In yet another outrageous move, at the time of the announcement, Khan’s team had been scheduled to attend meetings in Israel. However, the planned trip appears to have been a bad faith ruse. Instead of the team boarding the plane, Khan went on CNN to tell Christiane Amanpour in an exclusive interview about the arrest warrant requests. It doesn’t take an expert in communications to know that such a step would generate a storm of PR almost solely focused on Israel, meaning attention on the Hamas atrocities and real crimes committed on October 7 would be virtually ignored.
One also wonders if any mind was paid to what this action might mean for any hope of a ceasefire to secure the release of the hostages.

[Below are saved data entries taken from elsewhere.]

(* The winding fraction satisfies: (a) $\mathrm{wf}(\overrightarrow G)>0$ if and only if $\overrightarrow G$ has a directed cycle. (b) If there is a cyclic homomorphism $\overrightarrow G\to\overrightarrow H$ then $\mathrm{wf}(\overrightarrow G)\le\mathrm{wf}(\overrightarrow H)$. (c) If $X\subseteq S^1$ is finite and $0<r<\frac12$ then $\mathrm{wf}_{\le}(X;r)\le r$, $\mathrm{wf}_{<}(X;r)<r$, and $\mathrm{wf}_{<}(X;r)\le\mathrm{wf}_{\le}(X;r)$. (d) $\mathrm{wf}(\overrightarrow{C_n^k})=\frac kn$ for all integers $0\le k<\frac n2$.
   Context: A directed graph is a finite pair $(V,E)$, $E\subseteq V\times V$, with no loops and never both $(v,w),(w,v)\in E$; write $v\to w$. A directed cycle is a sequence $v_1,\dots,v_s$ with $v_i\to v_{i+1}$ (indices mod $s$). A cyclic graph is a directed graph with a cyclic vertex order $v_0\prec\cdots\prec v_{n-1}$ (indices mod $n$) such that $v_i\to v_j$ implies $j=i+1$ or both $v_i\to v_{j-1}$ and $v_{i+1}\to v_j$. For three elements of a cyclic order $x_0\prec\cdots\prec x_{n-1}$, $x_i\prec x_j\prec x_k$ means $i<j<k$ or $k<i<j$ or $j<k<i$; subintervals are $\emptyset$, $\{x_i,\dots,x_j\}$ ($i\le j$) and $\{x_j,\dots,x_{n-1},x_0,\dots,x_i\}$ ($i<j$). A map $f$ is cyclic monotone if its fibres are subintervals and $f(s)\prec f(s')\prec f(s'')$ implies $s\prec s'\prec s''$. A cyclic homomorphism of cyclic graphs is a cyclic monotone vertex map $f$ such that each edge $v\to w$ has $f(v)=f(w)$ or $f(v)\to f(w)$, and $f$ is non-constant if the source has a directed cycle. $\overrightarrow{C_n^k}$ ($0\le k<n/2$): vertices $\{0,\dots,n-1\}$, $i\to j$ iff $0<(j-i)\bmod n\le k$. $\mathrm{wf}(\overrightarrow G)=\sup\{k/n:\exists\text{ cyclic homomorphism }\overrightarrow{C_n^k}\to\overrightarrow G\}$. $S^1$ is the circle of circumference $1$ with points in $[0,1)$ and clockwise distance $\vec d(x,y)$; for finite $X\subseteq S^1$ and $0<r<\frac12$, $\overrightarrow{\mathbf{VR}}_{\le}(X;r)$ (resp. $\overrightarrow{\mathbf{VR}}_{<}(X;r)$) is the directed graph on $X$ with $x_1\to x_2$ iff $0<\vec d(x_1,x_2)\le r$ (resp. $<r$), cyclic with respect to the clockwise order; $\mathrm{wf}_{\le}(X;r)$ and $\mathrm{wf}_{<}(X;r)$ are their winding fractions. *)

From HB Require Import structures.
From mathcomp Require Import all_boot all_order all_algebra.
From mathcomp Require Import boolp classical_sets reals.
Set Implicit Arguments. Unset Strict Implicit. Unset Printing Implicit Defensive.
Import Order.TTheory GRing.Theory Num.Theory.

(* A cyclic graph with n vertices is encoded on the vertex type 'I_n, the
   cyclic vertex order being v_0 < v_1 < ... < v_{n-1} (indices mod n).
   The edge relation is [adj : rel 'I_n] (adj v w  means  v -> w). *)

Definition is_digraph (n : nat) (adj : rel 'I_n) : Prop :=
  (forall v, ~~ adj v v) /\ (forall v w, adj v w -> ~~ adj w v).

Definition is_cyclic_graph (n : nat) (adj : rel 'I_n) : Prop :=
  is_digraph adj /\
  forall i j : 'I_n, adj i j ->
    j = ordS i \/ (adj i (ord_pred j) /\ adj (ordS i) j).

Definition has_directed_cycle (n : nat) (adj : rel 'I_n) : Prop :=
  exists s : seq 'I_n, s != [::] /\ cycle adj s.

Definition cbetween (i j k : nat) : bool :=
  [|| (i < j < k)%N, (k < i < j)%N | (j < k < i)%N].

Definition is_subinterval (m : nat) (A : {pred 'I_m}) : Prop :=
  (forall x, x \notin A) \/
  (exists i j : nat, (i <= j)%N /\ forall x : 'I_m, (x \in A) = (i <= x <= j)%N) \/
  (exists i j : nat, (i < j)%N /\
     (forall x : 'I_m, (x \in A) = ((j <= x)%N && (x < m)%N) || (x <= i)%N)).

Definition cyclic_monotone (m n : nat) (f : 'I_m -> 'I_n) : Prop :=
  (forall y : 'I_n, is_subinterval [pred x | f x == y]) /\
  (forall s s' s'' : 'I_m, cbetween (f s) (f s') (f s'') -> cbetween s s' s'').

Definition cyclic_hom (m n : nat) (adjG : rel 'I_m) (adjH : rel 'I_n)
    (f : 'I_m -> 'I_n) : Prop :=
  cyclic_monotone f /\
  (forall v w, adjG v w -> f v = f w \/ adjH (f v) (f w)) /\
  (has_directed_cycle adjG -> exists v w, f v <> f w).

Definition Cnk (n k : nat) : rel 'I_n :=
  fun i j => (0 < (j + n - i) %% n <= k)%N.
Arguments Cnk : clear implicits.

Local Open Scope ring_scope.
Arguments cyclic_hom {m n} adjG adjH f.

Definition wf (R : realType) (n : nat) (adj : rel 'I_n) : R :=
  sup [set x : R | exists (m k : nat) (f : 'I_m -> 'I_n),
         (k.*2 < m)%N /\ cyclic_hom (Cnk m k) adj f /\ x = k%:R / m%:R].
Arguments wf R {n} adj.

(* S^1 = [0,1); clockwise distance from x to y *)
Definition cwdist (R : realType) (x y : R) : R :=
  if 0 <= y - x then y - x else y - x + 1.

(* a finite X in S^1 is given by a duplicate-free sequence of points of [0,1);
   its vertices are listed in increasing (= clockwise) order *)
Definition on_circle (R : realType) (X : seq R) : Prop :=
  uniq X /\ all (fun x => (0 <= x) && (x < 1)) X.

Definition cpt (R : realType) (X : seq R) (i : nat) : R :=
  nth 0 (sort <=%R X) i.

Definition VR_le (R : realType) (X : seq R) (r : R) : rel 'I_(size X) :=
  fun i j => (0 < cwdist (cpt X i) (cpt X j)) && (cwdist (cpt X i) (cpt X j) <= r).

Definition VR_lt (R : realType) (X : seq R) (r : R) : rel 'I_(size X) :=
  fun i j => (0 < cwdist (cpt X i) (cpt X j)) && (cwdist (cpt X i) (cpt X j) < r).

Arguments VR_le {R} X r.
Arguments VR_lt {R} X r.

Definition wf_le (R : realType) (X : seq R) (r : R) : R := wf R (VR_le X r).
Definition wf_lt (R : realType) (X : seq R) (r : R) : R := wf R (VR_lt X r).
Arguments wf_le {R} X r.
Arguments wf_lt {R} X r.

(* A cyclic homomorphism from C_m^k sends the standard m-cycle of C_m^k to a
   closed walk winding N >= 1 times around the target.  If the target's vertices
   sit on the circle with every edge of clockwise length in (0, rho], rho < 1/2,
   then the m windows of k consecutive steps each have clockwise length at most
   rho and together cover the walk k times, so k N <= m rho and k/m <= rho.
   Placing VR(X; r) at X (for the strict version, with rho the largest clockwise
   distance below r) and C_n^k at the points i/n gives (c) and (d).
   Conversely the vertex set of a directed cycle in a cyclic graph, read in
   cyclic order, is the image of a homomorphism from C_t^1 with t >= 3, since
   everything cyclically between the ends of an edge is adjacent to both ends;
   this gives (a).  For (b), subintervals are exactly the sets that do not
   interleave with their complement, so cyclic monotone maps compose, and a
   composite of homomorphisms cannot become constant: the image walk meets every
   arc of the middle graph. *)

From HB Require Import structures.
From mathcomp Require Import all_boot all_order all_algebra.
From mathcomp Require Import boolp classical_sets reals.
From mathcomp Require Import zify ring lra.
Import Order.TTheory GRing.Theory Num.Theory.
Set Implicit Arguments. Unset Strict Implicit. Unset Printing Implicit Defensive.

Lemma modn_lt_double (y n : nat) : y < n + n ->
  (y < n /\ y %% n = y) \/ (n <= y /\ y %% n = y - n).
Proof.
move=> y_lt; case: (ltnP y n) => hy; [left; split=> //; exact: modn_small|right; split=> //].
by rewrite -{1}(subnK hy) modnDr modn_small //; lia.
Qed.

(* Replaces every innermost [y %% n] with [y < 2 n] by a fresh variable and the
   two cases of [modn_lt_double], so that [lia] can finish. *)
Ltac elim_small_mod :=
  repeat match goal with H : context [_ %% _] |- _ => revert H end;
  repeat match goal with
  | |- context [ ?y %% ?n ] =>
      lazymatch y with context [_ %% _] => fail | _ => idtac end;
      let H := fresh in have H := @modn_lt_double y n ltac:(lia); move: H;
      generalize (y %% n); intros ? ?
  end; intros.

Ltac ord_lia :=
  repeat match goal with H : ?P |- _ => lazymatch type of P with Prop => revert H end end;
  repeat match goal with x : 'I_ _ |- _ =>
    have := ltn_ord x; move: (nat_of_ord x) => ?; clear x; intro end;
  intros; elim_small_mod; lia.

Section CyclicDistance.
Variable n : nat.
Implicit Types a b c : 'I_n.

Definition cdist a b : nat := (b + n - a) %% n.

Lemma CnkE k a b : Cnk n k a b = (0 < cdist a b <= k).
Proof. by []. Qed.

Lemma cdist_lt a b : cdist a b < n.
Proof. by rewrite ltn_mod; case: n a => [[]|]. Qed.

Lemma cdist_eq0 a b : (cdist a b == 0) = (a == b).
Proof. by rewrite /cdist -(inj_eq val_inj) /=; apply/eqP/eqP; ord_lia. Qed.

Lemma cdist_inj a : injective (cdist a).
Proof. by move=> b c; rewrite /cdist => h; apply: val_inj => /=; move: h; ord_lia. Qed.

Lemma cdist_ord_pred a b : a != b -> cdist a (ord_pred b) = (cdist a b).-1.
Proof. by rewrite /cdist -(inj_eq val_inj) /=; ord_lia. Qed.

Lemma cdist_ordSl a b : a != b -> cdist (ordS a) b = (cdist a b).-1.
Proof. by rewrite /cdist -(inj_eq val_inj) /=; ord_lia. Qed.

Lemma cdist_ordS a : cdist a (ordS a) = 1 %% n.
Proof. by rewrite /cdist /=; ord_lia. Qed.

Lemma cdistK a b : (a + cdist a b) %% n = b.
Proof. by rewrite /cdist; ord_lia. Qed.

Lemma cdist_addmod a b e : e < n -> (a + e) %% n = b -> cdist a b = e.
Proof. by rewrite /cdist; ord_lia. Qed.

Lemma cdist_sym a b : a != b -> cdist a b + cdist b a = n.
Proof. by rewrite /cdist -(inj_eq val_inj) /=; ord_lia. Qed.

Lemma cdist_le a b c :
  (a < c <= b) || ((b < a) && ((a < c) || (c <= b))) -> cdist a c <= cdist a b.
Proof. by rewrite /cdist; ord_lia. Qed.

End CyclicDistance.

Lemma ordS_neq t (i : 'I_t) : 1 < t -> ordS i != i.
Proof. by rewrite -(inj_eq val_inj) /=; ord_lia. Qed.

Section CyclicGraph.
Variables (n : nat) (adj : rel 'I_n).
Hypothesis adj_cyclic : is_cyclic_graph adj.

Lemma cyclic_graph_between u w z :
  adj u w -> 0 < cdist u z < cdist u w -> adj u z /\ adj z w.
Proof.
have [[adj_irr _] adj_fill] := adj_cyclic.
move=> uw; have [d] := ubnP (cdist u w).
elim: d => [//|d IH] in u w z uw *; move=> uw_lt uz_lt.
have u_neq_w : u != w by apply: contraTneq uw => ->; apply: adj_irr.
have u_neq_z : u != z by rewrite -cdist_eq0; lia.
case: (adj_fill u w uw) => [w_succ | [u_predw succu_w]].
  by move: uz_lt; rewrite w_succ cdist_ordS; have := leq_mod 1 n; lia.
split.
  have [z_last|z_not_last] := eqVneq (cdist u z) (cdist u w).-1.
    by have -> : z = ord_pred w by apply: (@cdist_inj _ u); rewrite cdist_ord_pred.
  by case: (IH u (ord_pred w) z u_predw); rewrite ?cdist_ord_pred //; lia.
have [z_first|z_not_first] := eqVneq (cdist u z) 1.
  suff -> : z = ordS u by [].
  apply: (@cdist_inj _ u); rewrite cdist_ordS z_first modn_small //.
  by have := cdist_lt u w; lia.
by case: (IH (ordS u) w z succu_w); rewrite ?cdist_ordSl //; lia.
Qed.

Lemma cyclic_graph_first_after u w z :
  adj u w -> 0 < cdist u z <= cdist u w -> adj u z.
Proof.
move=> uw /andP[z_gt0]; rewrite leq_eqVlt => /orP[/eqP/cdist_inj -> //|z_lt].
by case: (cyclic_graph_between uw (z:=z)); rewrite ?z_gt0.
Qed.

End CyclicGraph.

Section StandardCycle.
Variables (m : nat) (m_gt0 : 0 < m).

Definition ord_mod (i : nat) : 'I_m := Ordinal (ltn_pmod i m_gt0).

Lemma ord_mod_ord (v : 'I_m) : ord_mod v = v.
Proof. by apply: val_inj; rewrite /= modn_small. Qed.

Lemma ord_modDr i : ord_mod (i + m) = ord_mod i.
Proof. by apply: val_inj; rewrite /= modnDr. Qed.

Lemma ord_mod_period : ord_mod m = ord_mod 0.
Proof. by rewrite -[in LHS](add0n m) ord_modDr. Qed.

Egregiously, Khan’s actions offended another cornerstone of the Rome Statute, that of complementarity. The ICC is only supposed to act as a court of last resort in situations where a judicial system is unable or unwilling to investigate international crimes. As he himself acknowledged on a visit to Israel in early December, Israel has robust investigatory mechanisms and judiciary — one that has never shied away from intervening in military matters, nor in going after the most senior officials, including prime ministers.
Instead of giving the Israeli system a reasonable time to proceed, however, the Prosecutor disregarded the complementarity requirement and decided to bulldoze forward. In contrast, although Khan has had for years the jurisdiction to act against President Maduro in Venezuela, the Taliban in Afghanistan, and military junta in Myanmar — authoritarian governments responsible for horrific atrocities — no cases have been filed.
Multiple procedural irregularities and political maneuverings of the Office of Prosecutor have been well-documented, and there are several other disturbing aspects to the “Situation in Palestine” not mentioned here. For years, the ICC has been under intense criticism for its lack of accomplishments in its more than 20 years of operation. Khan was brought in to serve as a sober and responsible actor to right the ship. The actions of his office the past few months now call this assessment into question.
In an interview published with the Times of London a few days after his inexplicable actions, Khan stated, “if we don’t hold on to the law, we have nothing to cling onto.” The Prosecutor would be wise to reflect on his Office’s history and follow his own advice.
Anne Herzberg is the Legal Advisor of NGO Monitor, a Jerusalem-based research organization.